- **REQUIRED ACTION**
Repeat exactly the lines of the entries below from the one with "apply: big1 =>" through the one with "set s := (\sum_(_ | _) _)%N.", both ends included, and nothing else.

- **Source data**

(* Let $G=(V,E)$ be a finite simple graph of order $n$ with adjacency matrix $A$ having eigenvalues $\lambda_1\ge\cdots\ge\lambda_n$, let $k\ge1$, and let $p\in\mathbb{R}_k[x]$. Set $W(p):=\max_{u\in V}(p(A))_{uu}$ and $w(p):=\min_{u\in V}(p(A))_{uu}$. Then $$\chi_{kq}(G)\ \ge\ \frac{n}{\min\{\,|\{i : p(\lambda_i)\ge w(p)\}|,\ |\{i : p(\lambda_i)\le W(p)\}|\,\}}.$$
   Context: $\mathbb{R}_k[x]$ denotes the real polynomials of degree at most $k$. $\mathrm{dist}(v,w)$ is the graph distance in $G$, $[c]=\{1,\dots,c\}$. A quantum $k$-distance $c$-coloring of $G$ is a collection of orthogonal projectors $\{P_{v,h} : v\in V, h\in[c]\}$ in $\mathbb{C}^{d\times d}$ (for some $d\ge 1$) with $\sum_{h\in[c]}P_{v,h}=I_d$ for each $v\in V$ and $P_{v,h}P_{w,h}=0$ for all distinct $v,w$ with $\mathrm{dist}(v,w)\le k$ and all $h$. The quantum $k$-distance chromatic number $\chi_{kq}(G)$ is the smallest $c$ for which such a coloring exists for some $d>0$; equivalently it is the quantum chromatic number of the $k$-th power graph $G^k$ (same vertex set, distinct vertices adjacent iff at distance at most $k$ in $G$). *)

From HB Require Import structures.
From mathcomp Require Import all_boot all_order all_algebra.
From mathcomp Require Import reals.
From mathcomp.real_closed Require Import complex.
Set Implicit Arguments. Unset Strict Implicit. Unset Printing Implicit Defensive.
Import Order.TTheory GRing.Theory Num.Theory.
Local Open Scope ring_scope.

Definition simple_graph (n : nat) (e : rel 'I_n) : Prop :=
  symmetric e /\ irreflexive e.

Definition dist_le (n : nat) (e : rel 'I_n) (k : nat) (v w : 'I_n) : Prop :=
  exists s : seq 'I_n, [/\ path e v s, last v s = w & (size s <= k)%N].
Lemma poisson_increments_chain m (c : nat -> 'I_dim -> R) (B : nat -> set nat) :
  c 0%N = (fun=> 0) -> (forall k, (k < m)%N -> pt_lt (c k) (c k.+1)) ->
  P [set w | forall k, (k < m)%N -> B k (Nincr (c k) (c k.+1) w)] =
  (\prod_(k < m) P (Nincr (c k) (c k.+1) @^-1` B k))%E.
Proof.
move=> c0 chain; pose E j := [set w | forall k, (k < j)%N -> B k (Nincr (c k) (c k.+1) w)].
suff /(_ m (leqnn m))[_ _ //] : forall j, (j <= m)%N -> [/\ nonneg_pt (c j),
    joint_filtration N (c j) (E j) &
    P (E j) = (\prod_(k < j) P (Nincr (c k) (c k.+1) @^-1` B k))%E].
elim=> [_|j IH jm].
  have -> : E 0%N = setT by apply/seteqP; split=> w.
  rewrite c0 probability_setT big_ord0; split=> //.
  exact: sigma_algebra_setT (joint_filtration_sigma _).
have [cj0 FE PE] := IH (ltnW jm); have [st _] := chain j jm.
have -> : E j.+1 = E j `&` Nincr (c j) (c j.+1) @^-1` B j.
  apply/seteqP; split=> [w Ew|w [Ew Bw] k].
    by split=> [k kj|]; apply: Ew => //; rewrite ltnS ltnW.
  by rewrite ltnS leq_eqVlt => /orP[/eqP->//|]; exact: Ew.
split; first exact: nonneg_pt_le cj0 st.
  apply: sigma_algebra_setI (joint_filtration_sigma _) _ _ (joint_filtration_homo st FE) _.
  exact: nat_measurable_preimage (joint_filtration_sigma _) (Nincr_adapted cj0 st).
by rewrite poisson_increments_indep// PE big_ord_recr.
Qed.

Lemma mp_poisson_of_poisson_increments : mp_poisson P L Nsum.
Proof.
split; first by move=> t k t0; exact: Nsum_measurable.
split; first exact: Nsum0.
split; first by move=> w s t s0 st; exact: Nsum_homo.
split.
  move=> m c c0 chain B.
  pose B' k := if @insub _ (fun k => k < m)%N 'I_m k is Some k' then B k' else setT.
  have eB (k : 'I_m) : B' k = B k by rewrite /B' valK.
  have := poisson_increments_chain B' c0 chain.
  rewrite (eq_bigr (fun k : 'I_m => P (Nincr (c k) (c k.+1) @^-1` B k))) => [<-|k _]; last first.
    by rewrite eB.
  congr (P _); apply/seteqP; split=> w Ew k.
    by move=> km; rewrite -[k]/(val (Ordinal km)) eB; exact: Ew.
  by move=> _; rewrite -eB; exact: Ew.
split.
  move=> s t s' t' s0 st s0' st' e; apply: eq_distribution_nat.
  - exact: Nincr_measurable.
  - exact: Nincr_measurable.
  move=> k; rewrite !poisson_increments_law// !rate_sum.
  by under eq_bigr do rewrite e.
move=> t k t0; have := poisson_increments_law k (fun i => lexx 0) t0.
by under eq_set do rewrite Nincr0; rewrite rate0.
Qed.
(* Let $x_1<\dots<x_M$ be nodes of a periodic 1D grid on $[0,L)$, extended by $x_{i+M}=x_i+L$, and let $p\in\mathbb N$. For each $i$ let $\ell_{i,\alpha}$, $\alpha=-p,\dots,p+1$, be the $2p+2$ Lagrange polynomials (of degree $2p+1$) on the nodes $x_{i-p},\dots,x_{i+p+1}$, i.e. $\ell_{i,\alpha}(x_{i+\gamma})=\delta_{\alpha,\gamma}$ for $\gamma=-p,\dots,p+1$, and define the $2p+1$ polynomials $\hbar_{i,\alpha}(x)=\sum_{\beta=\alpha+1}^{p+1}\ell'_{i,\beta}(x)$, $\alpha=-p,\dots,p$. For periodic arrays $\mathbf f=(f_i)$, $\mathbf g=(g_i)$ define, for $x\in[x_i,x_{i+1})$, $$(i_0\mathbf f)(x)=\sum_{\alpha=-p}^{p+1}f_{i+\alpha}\ell_{i,\alpha}(x),\qquad (i_1\mathbf g)(x)=\sum_{\alpha=-p}^{p}g_{i+\alpha}\hbar_{i,\alpha}(x).$$ Then: (a) $r_0\, i_0\, r_0(\phi)=r_0(\phi)$ for all $L$-periodic $\phi\in H^1$; (b) $r_1\, i_1\, r_1(\psi)=r_1(\psi)$ for all $L$-periodic $\psi\in L^2$; (c) $\frac{d}{dx}(i_0\mathbf f)(x)=(i_1\,\mathbb d\mathbf f)(x)$ for every array $\mathbf f$ (on each cell $[x_i,x_{i+1})$).
   Context: $r_0$ is the point-value reduction $r_0(\phi)_i=\phi(x_i)$; $r_1$ is the cell-integral reduction $r_1(\psi)_i=\int_{x_i}^{x_{i+1}}\psi(x)\,dx$; $\mathbb d$ is the periodic forward difference $(\mathbb d\mathbf f)_i=f_{i+1}-f_i$. Indices of arrays are taken modulo $M$. *)

From HB Require Import structures.
From mathcomp Require Import all_boot all_order all_algebra.
From mathcomp Require Import all_classical all_reals all_analysis.
Set Implicit Arguments. Unset Strict Implicit. Unset Printing Implicit Defensive.
Import Order.TTheory GRing.Theory Num.Theory.
Local Open Scope classical_set_scope.
Local Open Scope ring_scope.

Section Defs.
Variable R : realType.

(* offset alpha = k - p for k in 0 .. 2p+1 *)
Definition off (p k : nat) : int := k%:Z - p%:Z.

Definition lag (x : int -> R) (p : nat) (i : int) (k : nat) : {poly R} :=
  \prod_(j < (2 * p + 2)%N | j != k :> nat)
     (('X - (x (i + off p j))%:P) * ((x (i + off p k) - x (i + off p j))^-1)%:P).

Definition hbar (x : int -> R) (p : nat) (i : int) (k : nat) : {poly R} :=
  \sum_(k.+1 <= j < (2 * p + 2)%N) (lag x p i j)^`().

Definition cell (x : int -> R) (y : R) : int :=
  xget 0%Z [set i : int | x i <= y < x (i + 1)].

Definition i0 (x : int -> R) (p : nat) (f : int -> R) (y : R) : R :=
  let i := cell x y in
  \sum_(k < (2 * p + 2)%N) f (i + off p k) * (lag x p i k).[y].

Definition i1 (x : int -> R) (p : nat) (g : int -> R) (y : R) : R :=
  let i := cell x y in
  \sum_(k < (2 * p + 1)%N) g (i + off p k) * (hbar x p i k).[y].

Definition i0_cell (x : int -> R) (p : nat) (f : int -> R) (i : int) (y : R) : R :=
  \sum_(k < (2 * p + 2)%N) f (i + off p k) * (lag x p i k).[y].

Definition r0 (x : int -> R) (phi : R -> R) : int -> R := fun i => phi (x i).
Definition r1 (x : int -> R) (psi : R -> R) : int -> R :=
  fun i => Rintegral lebesgue_measure `[x i, x (i + 1)] psi.
Definition dd (f : int -> R) : int -> R := fun i => f (i + 1) - f i.

Definition periodic_array (M : nat) (f : int -> R) := forall i, f (i + M%:Z) = f i.
Definition periodic_fun (L : R) (phi : R -> R) := forall t, phi (t + L) = phi t.

Definition periodic_grid (M : nat) (L : R) (x : int -> R) :=
  [/\ (0 < M)%N, (forall i, x i < x (i + 1)), (forall i, x (i + M%:Z) = x i + L),
      0 <= x 1 & x M%:Z < L].

Definition L2loc (psi : R -> R) :=
  measurable_fun setT psi /\
  forall a b, lebesgue_measure.-integrable `[a, b] (fun t => ((psi t) ^+ 2)%:E).

(* phi in H^1_loc: phi is (the continuous representative of) a function with a
   weak derivative g in L^2_loc, i.e. phi b - phi a = int_a^b g *)
Definition H1loc (phi : R -> R) :=
  L2loc phi /\
  exists g : R -> R, L2loc g /\
    forall a b, a <= b -> phi b - phi a = Rintegral lebesgue_measure `[a, b] g.

End Defs.

From HB Require Import structures.
From mathcomp Require Import all_boot all_order all_algebra.
From mathcomp Require Import all_classical all_reals all_analysis.
From mathcomp Require Import zify.
Import Order.TTheory GRing.Theory Num.Theory numFieldNormedType.Exports.
Local Open Scope classical_set_scope.
Local Open Scope ring_scope.

(* Since [lag x p i k] takes the value [(k == m)] at the node [m] of cell [i],
   the interpolant [i0 f] agrees with [f] at every node, which is (a).  For (c),
   summation by parts turns the derivative of [sum_k f_(i+k-p) *: lag_k] into
   [sum_k (f_(i+k-p+1) - f_(i+k-p)) *: hbar_k]; the boundary term vanishes since
   the [lag_k] sum to [1].  For (b), on a cell [i1 g] only sees [g] at the
   nodes, where [g] is the difference array of its partial sums [f]; by (c),
   [i1 g] is then the derivative of the interpolant of [f], and the fundamental
   theorem of calculus gives [int_(x_j)^(x_(j+1)) i1 g = f_(j+1) - f_j = g_j]. *)

Section Grid.
Variables (R : realType) (x : int -> R).
Hypothesis x_incr : forall i, x i < x (i + 1).

Lemma grid_homo_lt : {homo x : i j / i < j}.
Proof.
have x_ltS i (n : nat) : x i < x (i + n.+1%:Z).
  elim: n => [|n IH]; first exact: x_incr.
  by apply: lt_trans IH _; have -> : i + n.+2%:Z = i + n.+1%:Z + 1 by lia.
move=> i j ij; have -> : j = i + (absz (j - i - 1)%R).+1%:Z by lia.
exact: x_ltS.
Qed.

Lemma grid_mono_le : {mono x : i j / i <= j}.
Proof. exact: le_mono grid_homo_lt. Qed.

Lemma grid_mono_lt : {mono x : i j / i < j}.
Proof. exact: leW_mono grid_mono_le. Qed.

Lemma grid_inj : injective x.
Proof. exact: inc_inj grid_mono_le. Qed.

Lemma cellE i y : x i <= y < x (i + 1) -> cell x y = i.
Proof.
move=> yi; apply: xget_unique => // j /andP[xjy yxj].
have := le_lt_trans (proj1 (andP yi)) yxj.
have := le_lt_trans xjy (proj2 (andP yi)).
rewrite !grid_mono_lt; lia.
Qed.

End Grid.

Arguments grid_inj {R x}.
Arguments cellE {R x} x_incr {i y}.

Section Lagrange.
Variables (R : realType) (x : int -> R) (p : nat) (i : int).
Hypothesis x_incr : forall i, x i < x (i + 1).

Local Notation n := (2 * p + 2)%N.
Local Notation node m := (x (i + off p m)).

Lemma node_inj (m k : nat) : node m = node k -> m = k.
Proof. by move/(grid_inj x_incr); rewrite /off; lia. Qed.

Lemma lag_node (k m : nat) : (k < n)%N -> (m < n)%N ->
  (lag x p i k).[node m] = (k == m)%:R.
Proof.
move=> kn mn; rewrite /lag horner_prod; case: eqP => [<-|/eqP km].
  apply: big1 => j jk; rewrite hornerM hornerXsubC hornerC mulfV // subr_eq0.
  by apply: contra jk => /eqP/node_inj ->.
rewrite (bigD1 (Ordinal mn)) 1?eq_sym //=.
by rewrite hornerM hornerXsubC subrr !mul0r.
Qed.

Lemma size_lag (k : nat) : (k < n)%N -> (size (lag x p i k) <= n)%N.
Proof.
move=> kn; rewrite /lag; apply: leq_trans (size_poly_prod_leq _ _) _.
set P := (X in #|X|).
have card_P : #|P| = n.-1.
  rewrite -[X in _ = X.-1](card_ord n) -(cardC1 (Ordinal kn)).
  by apply: eq_card => j; rewrite !inE.
set s := (\sum_(_ | _) _)%N.
have : (s <= \sum_(j < n | P j) 2)%N.
  apply: leq_sum => j _; rewrite mulrC mul_polyC.
  by apply: leq_trans (size_scale_leq _ _) _; rewrite size_XsubC.
rewrite sum_nat_const card_P; lia.
Qed.

Lemma sum_lag : \sum_(k < n) lag x p i k = 1.
Proof.
apply/eqP; rewrite -subr_eq0; apply/eqP.
apply: (@roots_geq_poly_eq0 _ _ [seq node m | m <- iota 0 n]).
- apply/allP => y /mapP[m]; rewrite mem_iota add0n => /andP[_ mn] ->.
  rewrite /root hornerD hornerN hornerC horner_sum subr_eq0.
  rewrite (bigD1 (Ordinal mn)) //= lag_node // eqxx big1 ?addr0 //.
  move=> j jm; rewrite lag_node //; case: eqP => // jm'.
  by move: jm; rewrite -val_eqE /= jm' eqxx.
- by rewrite map_inj_in_uniq ?iota_uniq // => a b _ _; exact: node_inj.
- rewrite size_map size_iota; apply: leq_trans (size_polyD _ _) _.
  rewrite size_polyN size_polyC oner_neq0 geq_max; apply/andP; split; last lia.
  apply: (big_ind (fun q : {poly R} => size q <= n)%N) => [|a b ha hb|j _].
  + by rewrite size_poly0.
  + by apply: leq_trans (size_polyD _ _) _; rewrite geq_max ha hb.
  + exact: size_lag.
Qed.

End Lagrange.

Lemma summation_by_parts (S : pzRingType) (V : lmodType S)
    (F : nat -> S) (a : nat -> V) (m : nat) :
  \sum_(k < m) (F k.+1 - F k) *: \sum_(k.+1 <= j < m.+1) a j =
  \sum_(j < m.+1) F j *: a j - F 0%N *: \sum_(j < m.+1) a j.
Proof.
elim: m => [|m IH]; first by rewrite big_ord0 !big_ord1 subrr.
have tail_recr (k : 'I_m.+1) :
    \sum_(k.+1 <= j < m.+2) a j = \sum_(k.+1 <= j < m.+1) a j + a m.+1.
  by rewrite big_nat_recr.
under eq_bigr => k _ do rewrite tail_recr scalerDr.
rewrite big_split /= -scaler_suml big_ord_recr /= big_geq // scaler0 addr0 IH.
rewrite -(big_mkord xpredT (fun k => F k.+1 - F k)) telescope_sumr //.
rewrite (big_ord_recr m.+1 (fun j => F j *: a j)) (big_ord_recr m.+1 a) /=.
by rewrite scalerBl scalerDr opprD addrACA.
Qed.

Section Integration.
Variable R : realType.

Lemma Rintegral_deriv_poly (P : {poly R}) (a b : R) : a < b ->
  Rintegral lebesgue_measure `[a, b] (horner P^`()) = P.[b] - P.[a].
Proof.
move=> ab; rewrite /Rintegral (@continuous_FTC2 _ _ (horner P)) //.
- by apply: continuous_subspaceT => z; exact: continuous_horner.
- split; first by move=> z _; exact: derivable_horner.
  + by apply: cvg_at_right_filter; exact: continuous_horner.
  + by apply: cvg_at_left_filter; exact: continuous_horner.
- by move=> z _; rewrite -derivE.
Qed.

Lemma eq_Rintegral_itv_co (u v : R -> R) (a b : R) :
  {within `[a, b], continuous v} -> {in `[a, b[, u =1 v} ->
  Rintegral lebesgue_measure `[a, b] u = Rintegral lebesgue_measure `[a, b] v.
Proof.
move=> cv uv.
have iv : lebesgue_measure.-integrable `[a, b] (EFin \o v).
  by apply: continuous_compact_integrable => //; exact: segment_compact.
have {}iv : lebesgue_measure.-integrable `[a, b[ (EFin \o v).
  by apply: integrableS iv => //; apply: subset_itvl; rewrite bnd_simp.
rewrite -Rintegral_itv_bndo_bndc; last first.
  by apply: eq_integrable iv => // z /[!inE] /uv /= ->.
by rewrite -Rintegral_itv_bndo_bndc //; apply: eq_Rintegral => z /[!inE] /uv.
Qed.

End Integration.

Section Interpolation.
Variables (R : realType) (x : int -> R) (p : nat).
Hypothesis x_incr : forall i, x i < x (i + 1).

Definition i0_poly (f : int -> R) (i : int) : {poly R} :=
  \sum_(k < 2 * p + 2) f (i + off p k) *: lag x p i k.

Definition i1_poly (g : int -> R) (i : int) : {poly R} :=
  \sum_(k < 2 * p + 1) g (i + off p k) *: hbar x p i k.

Lemma i0_cellE f i : i0_cell x p f i = horner (i0_poly f i).
Proof.
by apply/funext => y; rewrite /i0_poly horner_sum; under eq_bigr do rewrite hornerZ.
Qed.

Lemma i0_on_cell f i y : x i <= y < x (i + 1) -> i0 x p f y = (i0_poly f i).[y].
Proof. by move=> /(cellE x_incr) yi; rewrite /i0 yi -i0_cellE. Qed.

Lemma i1_on_cell g i y : x i <= y < x (i + 1) -> i1 x p g y = (i1_poly g i).[y].
Proof.
move=> /(cellE x_incr) yi; rewrite /i1 yi /i1_poly horner_sum.
by under [RHS]eq_bigr do rewrite hornerZ.
Qed.

Lemma horner_i0_poly f i j : i - p%:Z <= j <= i + p.+1%:Z ->
  (i0_poly f i).[x j] = f j.
Proof.
move=> ij; have -> : j = i + off p (absz (j - i + p)%R) by rewrite /off; lia.
have jn : (absz (j - i + p)%R < 2 * p + 2)%N by lia.
rewrite /i0_poly horner_sum (bigD1 (Ordinal jn)) //= hornerZ lag_node //.
rewrite eqxx mulr1 big1 ?addr0 // => k.
by rewrite -val_eqE hornerZ lag_node // => /negbTE ->; rewrite mulr0.
Qed.

Lemma deriv_i0_poly f i : (i0_poly f i)^`() = i1_poly (dd f) i.
Proof.
pose F k := f (i + off p k); pose a j := (lag x p i j)^`().
have n2 : (2 * p + 2 = (2 * p + 1).+1)%N by lia.
have sum_a : \sum_(j < (2 * p + 1).+1) a j = 0.
  by rewrite -raddf_sum -n2 sum_lag //= -polyC1 derivC.
have ddF k : dd f (i + off p k) = F k.+1 - F k.
  by rewrite /dd /F /off; congr (f _ - _); lia.
rewrite /i1_poly /hbar; under eq_bigr do rewrite ddF n2.
rewrite summation_by_parts sum_a scaler0 subr0 /i0_poly raddf_sum n2.
by apply: eq_bigr => k _; exact: derivZ.
Qed.

Lemma r0_i0 (f : int -> R) : r0 x (i0 x p f) = f.
Proof.
apply/funext => j; rewrite /r0 (i0_on_cell f j) ?lexx ?x_incr //.
by rewrite horner_i0_poly //; lia.
Qed.

Lemma is_derive_i0_cell f i y : x i <= y < x (i + 1) ->
  is_derive y 1 (i0_cell x p f i) (i1 x p (dd f) y).
Proof.
move=> yi; rewrite i0_cellE (i1_on_cell _ _ _ yi) -deriv_i0_poly.
exact: is_derive_poly.
Qed.

Lemma is_derive_i0 f i y : x i < y < x (i + 1) ->
  is_derive y 1 (i0 x p f) (i1 x p (dd f) y).
Proof.
move=> /andP[iy yi].
have yi' : x i <= y < x (i + 1) by rewrite (ltW iy) yi.
apply: near_eq_is_derive (is_derive_i0_cell f i y yi').
near=> z; rewrite i0_cellE (i0_on_cell f i z) //.
have : z \in `]x i, x (i + 1)[.
  by near: z; apply: near_in_itvoo; rewrite in_itv /= iy yi.
by rewrite in_itv /= => /andP[/ltW -> ->].
Unshelve. all: by end_near.
Qed.

(* Partial sums of [g] from index [a]; only the values at [m >= a] are used. *)
Definition antidiff (g : int -> R) (a m : int) : R :=
  \sum_(l < absz (m - a)%R) g (a + l%:Z).

Lemma dd_antidiff g a (k : nat) : dd (antidiff g a) (a + k) = g (a + k).
Proof.
rewrite /dd /antidiff.
have -> : absz (a + k + 1 - a)%R = k.+1 by lia.
have -> : absz (a + k - a)%R = k by lia.
by rewrite big_ord_recr /= addrAC subrr add0r.
Qed.

Lemma r1_i1 (g : int -> R) : r1 x (i1 x p g) = g.
Proof.
apply/funext => j; pose f := antidiff g (j - p%:Z).
have i1_gE : i1_poly g j = (i0_poly f j)^`().
  rewrite deriv_i0_poly; apply: eq_bigr => k _.
  by rewrite (_ : j + off p k = j - p%:Z + k) ?dd_antidiff //; rewrite /off; lia.
rewrite /r1 (@eq_Rintegral_itv_co _ _ (horner (i0_poly f j)^`())).
- rewrite Rintegral_deriv_poly // !horner_i0_poly; try lia.
  by have := dd_antidiff g (j - p%:Z) p; rewrite subrK.
- by apply: continuous_subspaceT => z; exact: continuous_horner.
- by move=> z; rewrite in_itv => /(i1_on_cell g j z) ->; rewrite i1_gE.
Qed.

End Interpolation.

Theorem theorem2 (R : realType) (M : nat) (L : R) (x : int -> R) (p : nat) :
  periodic_grid M L x ->
  (* (a) *)
  (forall phi : R -> R, periodic_fun L phi -> H1loc phi ->
     r0 x (i0 x p (r0 x phi)) = r0 x phi) /\
  (* (b) *)
  (forall psi : R -> R, periodic_fun L psi -> L2loc psi ->
     r1 x (i1 x p (r1 x psi)) = r1 x psi) /\
  (* (c) *)
  (forall f : int -> R, periodic_array M f ->
     forall (i : int) (y : R), x i <= y < x (i + 1) ->
       is_derive y 1 (i0_cell x p f i) (i1 x p (dd f) y) /\
       (x i < y -> is_derive y 1 (i0 x p f) (i1 x p (dd f) y))).
Proof.
case=> _ x_incr _ _ _; split; [|split].
- by move=> phi _ _; exact: r0_i0.
- by move=> psi _ _; exact: r1_i1.
- move=> f _ i y yi; split; first exact: is_derive_i0_cell.
  by move=> iy; apply: (@is_derive_i0 _ _ _ x_incr _ i); rewrite iy; case/andP: yi.
Qed.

- **RESPONSE TO THIS TASK**
  apply: big1 => j jk; rewrite hornerM hornerXsubC hornerC mulfV // subr_eq0.
  by apply: contra jk => /eqP/node_inj ->.
rewrite (bigD1 (Ordinal mn)) 1?eq_sym //=.
by rewrite hornerM hornerXsubC subrr !mul0r.
Qed.

Lemma size_lag (k : nat) : (k < n)%N -> (size (lag x p i k) <= n)%N.
Proof.
move=> kn; rewrite /lag; apply: leq_trans (size_poly_prod_leq _ _) _.
set P := (X in #|X|).
have card_P : #|P| = n.-1.
  rewrite -[X in _ = X.-1](card_ord n) -(cardC1 (Ordinal kn)).
  by apply: eq_card => j; rewrite !inE.
set s := (\sum_(_ | _) _)%N.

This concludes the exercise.